Associations of cystatin C with incident chronic kidney disease and all-cause mortality in patients with normal glucose tolerance and prediabetes.

作者信息

Lin Guan-Hong, Lin Ching-Heng, Wang Jun-Sing

机构信息

Division of Endocrinology and Metabolism, Department of Internal Medicine, Taichung Veterans General Hospital, Taichung, Taiwan.
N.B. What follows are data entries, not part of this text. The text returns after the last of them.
Lemma sgeom_pair m1 v1 m2 v2 f : v1 != 0 -> v2 != 0 ->
  sgeom m1 v1 (sgeom m2 v2 f) =
  sgeom (m1 + m2) (v1 + v2) (sgeom m1 v1 f)
  \+ mshift m2 v2 (sgeom (m1 + m2) (v1 + v2) (sgeom m2 v2 f)).
Proof.
move=> H1 H2; have H12 : v1 + v2 != 0 by rewrite madd_eq0 negb_and H1.
apply: funext => n /=.
rewrite (sgeom2E _ _ _ H1 H2 (ltnSn _)) (big_nat_pair_split (G := fun l1 l2 =>
  mshift (m1 * l1%:Z + m2 * l2%:Z) (mscale l1 v1 + mscale l2 v2) f n)); last first.
  by move=> l1 l2 Hl; apply: mshift2_large.
congr (_ + _).
  rewrite (sgeom2E _ _ _ H12 H1 (ltnSn _)); apply: eq_bigr => k _; apply: eq_bigr => u _.
  congr (mshift _ _ _ _); first lia.
  by apply/ffunP => i; rewrite !(maddE, ffunE); ring.
rewrite (mshift_sgeom _ _ _ _ H12 (ltnSn _)); apply: eq_bigr => k _.
have Hm : (msize (msub n (v2 + mscale k (v1 + v2))%R) < (msize n).+1)%N.
  by rewrite ltnS; apply: leq_sum => i _; rewrite ffunE leq_subr.
have Esplit (j : nat) : mscale k v1 + mscale (k + 1 + j) v2 = v2 + mscale k (v1 + v2) + mscale j v2.
  by apply/ffunP => i; rewrite !(maddE, ffunE); ring.
under eq_bigr do rewrite Esplit.
rewrite [RHS]/mshift; case: ifP => Hc; last first.
  by rewrite big1 // => u _; rewrite /mshift mle_add Hc.
rewrite (sgeom_trunc _ _ H2 Hm) scaler_sumr; apply: eq_bigr => u _.
rewrite /mshift mle_add Hc /= -msubD; case: ifP => _; last by rewrite scaler0.
by rewrite scalerA -LpowD; congr (Lpow _ *: f _); rewrite !PoszD; ring.
Qed.

Definition sfactor m v f : mono r -> V := fun n => f n - mshift m v f n.

Lemma sgeomK m v : v != 0 -> cancel (sfactor m v) (sgeom m v).
Proof.
move=> Hv f; apply: funext => n; rewrite /sgeom.
pose u l := mshift (m * l%:Z) (mscale l v) f n.
have Etel l : mshift (m * l%:Z) (mscale l v) (sfactor m v f) n = u l - u l.+1.
  rewrite /u; have -> : m * l.+1%:Z = m * l%:Z + m by rewrite -addn1 PoszD; ring.
  rewrite mscaleS [v + _]addrC -mshiftA /mshift /sfactor.
  by case: ifP => _; rewrite ?scalerBr ?subrr.
rewrite (eq_bigr _ (fun l _ => Etel l)); under eq_bigr do rewrite -opprB.
rewrite sumrN telescope_sumr // opprB.
by rewrite /u (@mshift_large _ _ _ (msize n).+1) // mulr0 mscale0 mshift0 subr0.
Qed.

Lemma sfactor_poly m v f : is_poly 0 f -> is_poly 0 (sfactor m v f).
Proof.
move=> [S HS]; exists (S ++ map (fun x => x + v) S) => n.
rewrite mem_cat negb_or => /andP[H1 H2]; rewrite /sfactor HS // /mshift.
case: ifP => H; last by rewrite subrr.
rewrite HS ?scaler0 ?subrr //; apply: contra H2 => H3.
by apply/mapP; exists (msub n v) => //; rewrite msubK.
Qed.

End GeometricIdentities.

Section Cones.
Variables (r : nat) (V : lmodType Zloc).
Implicit Types (u v w n : mono r) (f h : mono r -> V) (s : seq (int * mono r)).

Definition sgeoms s f : mono r -> V := foldr (fun g acc => sgeom g.1 g.2 acc) f s.

Definition scone s w (c : V) : mono r -> V := sgeoms s (smon w c).

Definition gens_nz s := all (fun g : int * mono r => g.2 != 0) s.

Lemma sgeoms_mshift s m u f : gens_nz s -> mshift m u (sgeoms s f) = sgeoms s (mshift m u f).
Proof. by elim: s => //= g s IH /andP[Hg Hs]; rewrite -IH // sgeom_mshift. Qed.

Lemma mshift_scone s m u w c : gens_nz s ->
  mshift m u (scone s w c) = scone s (w + u) (Lpow m *: c).
Proof. by move=> Hs; rewrite /scone sgeoms_mshift // mshift_smon. Qed.

Lemma sgeomsD s f h : sgeoms s (f \+ h) = sgeoms s f \+ sgeoms s h.
Proof. by elim: s => //= g s ->; rewrite sgeomD. Qed.

Lemma sgeoms_sum (I : Type) (xs : seq I) (F : I -> mono r -> V) s :
  sgeoms s (fun n => \sum_(i <- xs) F i n) = fun n => \sum_(i <- xs) sgeoms s (F i) n.
Proof. by elim: s => //= g s ->; rewrite sgeom_sum. Qed.
(* Any contraction of a left increasing tree is left increasing: if $(T,\lambda)$ is a left increasing tree with $n$ branchings and $A\subseteq[n]$, then the increasing tree $\tau(\sigma(T,\lambda)|_A)$ is left increasing.
   Context: A (planar rooted) tree is a finite planar rooted tree in which each vertex has one outgoing edge and at least two incoming edges (ordered left to right); $\varepsilon$ is the trivial tree. $\bigvee(T_0,\ldots,T_m)$ ($m\ge1$) joins the roots of $T_0,\ldots,T_m$ to a new vertex with a new root. A vertex with $j+1$ incoming edges carries $j$ branchings (pairs of consecutive incoming edges). Branchings are totally ordered left to right recursively: for $T=\bigvee(T_0,\ldots,T_m)$ with root branchings $b_1,\ldots,b_m$, $b_i\prec b\prec b_{i+1}$ for $b$ in $T_i$; the natural labelling is the order-preserving bijection from $[n]=\{1,\ldots,n\}$ to the branchings. A level function is a surjection $\lambda$ from vertices onto $[k]$ strictly increasing along each leaf-to-root path; an increasing tree is $(T,\lambda)$; a branching has the level of its vertex. $\sigma(T,\lambda)=(P_1,\ldots,P_k)$ where $P_i$ is the set of natural labels of branchings at level $i$; $\sigma$ is a bijection from increasing trees with $n$ branchings to set compositions of $[n]$ (tuples of pairwise disjoint non-empty sets with union $[n]$), with inverse $\tau$. For a set composition $P=(P_1,\ldots,P_k)$ of $[n]$ and $A\subseteq[n]$, $P|_A$ is obtained from $(P_1\cap A,\ldots,P_k\cap A)$ by deleting empty entries and relabelling $A$ to $[|A|]$ by the order-preserving bijection. $\mathsf{Inc}$: $\mathsf{Inc}(\varepsilon)=\varepsilon$; if $T=\bigvee(T_0,\ldots,T_m)$ and $\mathsf{Inc}(T_i)=(T_i,\lambda_i)$ with $k_i$ levels, then $\mathsf{Inc}(T)=(T,\lambda)$ with $\lambda(v)=k_0+\cdots+k_{i-1}+\lambda_i(v)$ for $v$ in $T_i$ and root vertex level $k_0+\cdots+k_m+1$. An increasing tree is left increasing if it lies in the image of $\mathsf{Inc}$. *)

From mathcomp Require Import all_boot.
Set Implicit Arguments. Unset Strict Implicit. Unset Printing Implicit Defensive.

(* Planar rooted trees: [Eps] is the trivial tree, [Join ts] = \bigvee(T_0,...,T_m)
   with ts = [:: T_0; ...; T_m]; well-formedness requires m >= 1. *)
Inductive ptree := Eps | Join of seq ptree.

Fixpoint wf_ptree (t : ptree) : bool :=
  match t with Eps => true | Join ts => (2 <= size ts) && all wf_ptree ts end.

(* Trees whose vertices carry a natural-number label (the level). *)
Inductive itree := IEps | IJoin of nat & seq itree.

Fixpoint vlevels (t : itree) : seq nat :=
  match t with IEps => [::] | IJoin l ts => l :: flatten (map vlevels ts) end.

Definition nlevels (t : itree) : nat := foldr maxn 0 (vlevels t).

Definition root_below (l : nat) (c : itree) : bool :=
  match c with IEps => true | IJoin l' _ => l' < l end.

Fixpoint incr_shape (t : itree) : bool :=
  match t with
  | IEps => true
  | IJoin l ts => [&& 2 <= size ts, all (root_below l) ts & all incr_shape ts]
  end.

(* (T, lambda) is an increasing tree: lambda is a surjection onto [k] = {1..k},
   strictly increasing along leaf-to-root paths. *)
Definition is_increasing (t : itree) : bool :=
  [&& incr_shape t, all (fun v => 0 < v) (vlevels t)
    & all (fun i => i \in vlevels t) (iota 1 (nlevels t))].

(* Levels of the branchings, listed in the natural (left-to-right) order:
   for \bigvee(T_0,..,T_m) with root level l the order is
   (branchings of T_0), b_1, (branchings of T_1), ..., b_m, (branchings of T_m). *)
Fixpoint blevels (t : itree) : seq nat :=
  match t with
  | IEps => [::]
  | IJoin l ts =>
      match ts with
      | [::] => [::]
      | c0 :: cs => blevels c0 ++ flatten (map (fun c => l :: blevels c) cs)
      end
  end.

Definition nbranch (t : itree) : nat := size (blevels t).

(* Set compositions are represented as sequences of blocks, each block being the
   increasing list of its elements. *)
Definition setcomp := seq (seq nat).

Definition sigma (t : itree) : setcomp :=
  [seq [seq j <- iota 1 (nbranch t) | nth 0 (blevels t) j.-1 == i]
     | i <- iota 1 (nlevels t)].

(* order-preserving bijection A -> [|A|] *)
Definition rank (A : seq nat) (j : nat) : nat := size [seq b <- undup A | b <= j].

Definition restrict (P : setcomp) (A : seq nat) : setcomp :=
  [seq map (rank A) B | B <- [seq [seq j <- B | j \in A] | B <- P] & B != [::]].

Fixpoint shift (s : nat) (t : itree) : itree :=
  match t with IEps => IEps | IJoin l ts => IJoin (s + l) (map (shift s) ts) end.

(* given the (Inc T_i, k_i), shift T_i by k_0 + ... + k_{i-1}; returns total *)
Fixpoint shift_all (rs : seq (itree * nat)) (acc : nat) : seq itree * nat :=
  match rs with
  | [::] => ([::], acc)
  | r :: rs' => let p := shift_all rs' (acc + r.2) in (shift acc r.1 :: p.1, p.2)
  end.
Department of Medical Research, Taichung Veterans General Hospital, Taichung, Taiwan.

出版信息

Sci Rep. 2025 Jul 2;15(1):23092. doi: 10.1038/s41598-025-07159-3.

Abstract

We investigated the association of cystatin C with incident chronic kidney disease (CKD), defined as an estimated glomerular filtration rate (eGFR) < 60 mL/min/1.73 m. We enrolled patients with an eGFR ≥ 60 mL/min/1.73 m who underwent an oral glucose tolerance test (OGTT) between 2011 and 2013. Patients with diabetes were excluded from the analysis. We measured their cystatin C levels, and all patients' renal function and survival status were followed until March 2023. Cox-proportional hazard models were conducted to examine the association of cystatin C with incident CKD and all-cause mortality. A total of 146 patients were analyzed. After a median follow-up period of 10.7 years, patients with a higher cystatin C (≥ median vs. < median) were independently associated with a higher risk of incident CKD and all-cause mortality (adjusted hazard ratio [HR] 2.96, 95% CI 1.09 to 8.09, p = 0.034). The findings were consistent when cystatin C was analyzed as a continuous variable. The association was mainly observed in patients with prediabetes (adjusted HR 5.75, 95% CI 1.34 to 24.69, p = 0.019). In summary, a higher cystatin C was independently associated with risk of incident CKD and all-cause mortality in non-diabetes patients with an eGFR ≥ 60 mL/min/1.73 m.

摘要

我们研究了胱抑素C与新发慢性肾脏病(CKD)的关联,新发慢性肾脏病定义为估算肾小球滤过率(eGFR)<60 mL/(min·1.73 m²)。我们纳入了2011年至2013年间接受口服葡萄糖耐量试验(OGTT)且eGFR≥60 mL/(min·1.73 m²)的患者。分析排除了糖尿病患者。我们测量了他们的胱抑素C水平,并对所有患者的肾功能和生存状况进行随访直至2023年3月。采用Cox比例风险模型来检验胱抑素C与新发CKD及全因死亡率的关联。共分析了146例患者。在中位随访期10.7年后,胱抑素C水平较高(≥中位数 vs <中位数)的患者与新发CKD及全因死亡率较高独立相关(校正风险比[HR] 2.96,95%置信区间1.09至8.09,p = 0.034)。将胱抑素C作为连续变量分析时,结果一致。这种关联主要在糖尿病前期患者中观察到(校正HR 5.75,95%置信区间1.34至24.69,p = 0.019)。总之,在eGFR≥60 mL/(min·1.73 m²)的非糖尿病患者中,较高的胱抑素C与新发CKD及全因死亡率风险独立相关。